Improvement to design automation research is of profound importance; it is difficult to imagine how this will occur if we cannot accurately evaluate or compare approaches. One of the purposes of publishing research is to enable others to understand the merit of an approach, and to make subsequent comparisons. Without a common interpretation of the available benchmarks, the entire research process is undermined.
While we have focused primarily on wire length evaluation here, we note that there are far greater difficulties with performance driven design. Delay models, device parameters, determination of the longest path, and interpretations of clocking schemes, can all make significant impact on results. For example, the delay reported in [16] is a factor of 10 lower than the result of [20] . Other areas of VLSI CAD research are likely to have similar problems: [2] focused on hypergraph partitioning, and makes a number of suggestions which could very easily apply here.
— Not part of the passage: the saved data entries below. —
Lemma invmxM g h : g \in unitmx -> h \in unitmx -> invmx (g *m h) = invmx h *m invmx g.
Proof. exact: invrM. Qed.

Lemma conjmx_basis_mul G M H : G \in unitmx -> M \in unitmx ->
  conjmx (invmx (G *m M)) H = conjmx (invmx M) (conjmx (invmx G) H).
Proof. by move=> uG uM; rewrite invmxM // conjuMumx ?unitmx_inv. Qed.

Lemma tbasis_map_box X M G : G \in unitmx -> is_tbasis X M ->
  is_tbasis (map_box (conjmx (invmx M) G) X) (G *m M).
Proof.
move=> uG [uM [p1 q1 r1 s1]]; split; first by rewrite unitmx_mul uG.
by rewrite /= conjVmx // p1 q1 r1 s1 !ptrans_pt !mulmxA !mulmxK.
Qed.

Lemma sigma_relP (e d : R) X M : is_obox X -> is_tbasis X M ->
  forall Y, sigma_rel e d X Y <-> Y = map_box (conjmx (invmx M) (Sigma e d)) X.
Proof.
move=> hX hM Y; split => [[_ [N [hN ->]]] | ->].
  by rewrite -conjVmx ?hN.1 // (tbasis_conj_uniq _ hM hN).
by split=> //; exists M; rewrite conjVmx ?hM.1.
Qed.

Lemma sigma_rel_total (e d : R) X : is_obox X -> exists Y, sigma_rel e d X Y.
Proof.
move=> hX; have [M hM] := tbasis_exists hX.
by exists (map_box (conjmx (invmx M) (Sigma e d)) X); apply/(sigma_relP _ _ hX hM).
Qed.

Lemma sigma_rel_inverse (e d : R) X Y Z :
  sigma_rel e d X Y -> sigma_rel (- e) (- d) Y Z <-> Z = X.
Proof.
case=> hX [M [hM ->]]; have uM := hM.1; have uS := Sigma_unit e d.
rewrite -conjVmx //.
have hY : is_obox (map_box (conjmx (invmx M) (Sigma e d)) X).
  by apply: obox_map_box hX; rewrite conjVmx // !unitmx_mul unitmx_inv uM uS.
rewrite (sigma_relP _ _ hY (tbasis_map_box uS hM)) map_box_mul conjmx_basis_mul //.
rewrite Sigma_opp [conjmx (invmx (Sigma e d)) _]conjVmx // mulmxKV //.
rewrite -conjmxM ?inE ?stablemx_unit ?unitmx_inv // mulmxV //.
by rewrite conjmx_scalar ?row_free_unit ?unitmx_inv // map_box1.
Qed.

Lemma sigma_rel_ibox (e d : R) X Z : is_obox X ->
  sigma_rel (- e) (- d) (ibox X) Z <-> exists2 Y, sigma_rel e d X Y & Z = ibox Y.
Proof.
move=> hX; have [M hM] := tbasis_exists hX; have uQ := ibox_mx_unit.
rewrite (sigma_relP _ _ (obox_ibox hX) (tbasis_ibox hM)) conjmx_basis_mul ?hM.1 //.
rewrite [conjmx (invmx ibox_mx) _]conjVmx // -mulmxA Sigma_ibox_mx mulKmx // map_box_ibox.
split=> [-> | [Y /(sigma_relP _ _ hX hM) -> //]].
by exists (map_box (conjmx (invmx M) (Sigma e d)) X) => //; apply/(sigma_relP _ _ hX hM).
Qed.

Local Open Scope classical_set_scope.

Lemma rel_image_inverse (Rl Rl' : obox R -> obox R -> Prop) (A : set (obox R)) :
  (forall X, A X -> exists Y, Rl X Y) ->
  (forall X Y Z, Rl X Y -> Rl' Y Z <-> Z = X) ->
  rel_image Rl' (rel_image Rl A) = A.
Proof.
move=> total inv; apply/seteqP; split=> [Z [Y [X AX XY] /(inv _ _ _ XY) -> //] | X AX].
by have [Y XY] := total X AX; exists Y; [exists X | apply/(inv _ _ _ XY)].
Qed.

Lemma image_rel_image (f : obox R -> obox R) (Rl Rl' : obox R -> obox R -> Prop)
    (A : set (obox R)) :
  (forall X Z, A X -> Rl' (f X) Z <-> exists2 Y, Rl X Y & Z = f Y) ->
  f @` rel_image Rl A = rel_image Rl' (f @` A).
Proof.
move=> comm; apply/seteqP; split=> Z.
  by case=> Y [X AX XY] <-; exists (f X); [exists X | apply/comm => //; exists Y].
by case=> _ [X AX <-] /(comm _ _ AX) [Y XY ->]; exists Y => //; exists X.
Qed.

End MarkedBoxes.

Theorem lemma7p3 (R : realType) (e d : R) (A : set (obox R)) :
  is_mbox A ->
  [/\ sigma_mb (- e) (- d) (sigma_mb e d A) = A,
      sigma_mb e d (sigma_mb (- e) (- d) A) = A &
      i_mb (sigma_mb e d A) = sigma_mb (- e) (- d) (i_mb A)].
Proof.
case=> X0 [hX0 ->].
have boxes X : mbox X0 X -> is_obox X by case=> ->; last exact: obox_jbox.
have sigma_K (e' d' : R) : sigma_mb (- e') (- d') (sigma_mb e' d' (mbox X0)) = mbox X0.
  apply: rel_image_inverse => [X /boxes /sigma_rel_total //|]; exact: sigma_rel_inverse.
split; [exact: sigma_K | by have := sigma_K (- e) (- d); rewrite !opprK |].
by apply: image_rel_image => X Z /boxes; exact: sigma_rel_ibox.
Qed.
As fabrication technology advances, and the size of the "design gap" increases, improvements to the reporting and evaluation of results becomes increasingly important. Our main suggestions are the following.
Distribution of Placement Results
We would encourage research groups working on placement to make their placement output available (perhaps through the web). This is common practice in many other academic areas, and we expect that this would reduce ambiguity in reported results substantially. Distribution of results requires very little effort.
As part of the GSRC Bookshelf [8] effort, placement results from a number of tools have been made available. In addition, both source code and executable versions of some placement tools are also available, allowing independent verification of results.
We have refrained from presentation of "definitive" placement results in this paper, preferring instead to direct researchers towards a Web-based table of current results. Placement results are large, preventing unambiguous description in the limited space available for a technical paper. Additionally, placement tools are being continually improved, and results that could be reported here would likely become outdated quickly.
Standard Measurement
We would also encourage the adoption of a standard for row spacing, number of rows, and method of half-perimeter wire length computation. Many current research groups have eliminated row spacing, and this matches current design practice; thus, we suggest that the standard include zero spacing, and caution that this will make results from current placement tools incomparable to some previously published work. The GSRC Bookshelf standard cell placement slot includes a tool to determine half perimeter wire length, given a properly formatted placement result.
It should be stressed again that half-perimeter wire length should not be considered as the only measure of placement quality. Issues such as signal delay, power consumption, crosstalk, and area are perhaps more important, but are also quite difficult to measure accurately. It is our hope that if some convergence can be obtained on half-perimeter wire length measures, we can extend this success to other metrics as well.
New Benchmarks
Industry groups have been hesitant to release current designs, citing competitive advantage issues. We would suggest that while some competitive advantage might be lost, guidance and benchmarks from industry groups could improve the state of computer aided design as a whole.
Recently, a number of industrial partitioning benchmarks [1] have been adapted into standard cell placement benchmarks [21] . While these new benchmarks lack information such as signal directions, cell functionality, etc., they are relatively large, and are also free of wide ranging interpretation. We encourage research groups to report results on these benchmarks, using the row spacings, pad placements, and distance metrics provided. These benchmarks are available through the GSRC Bookshelf standard cell placement slot.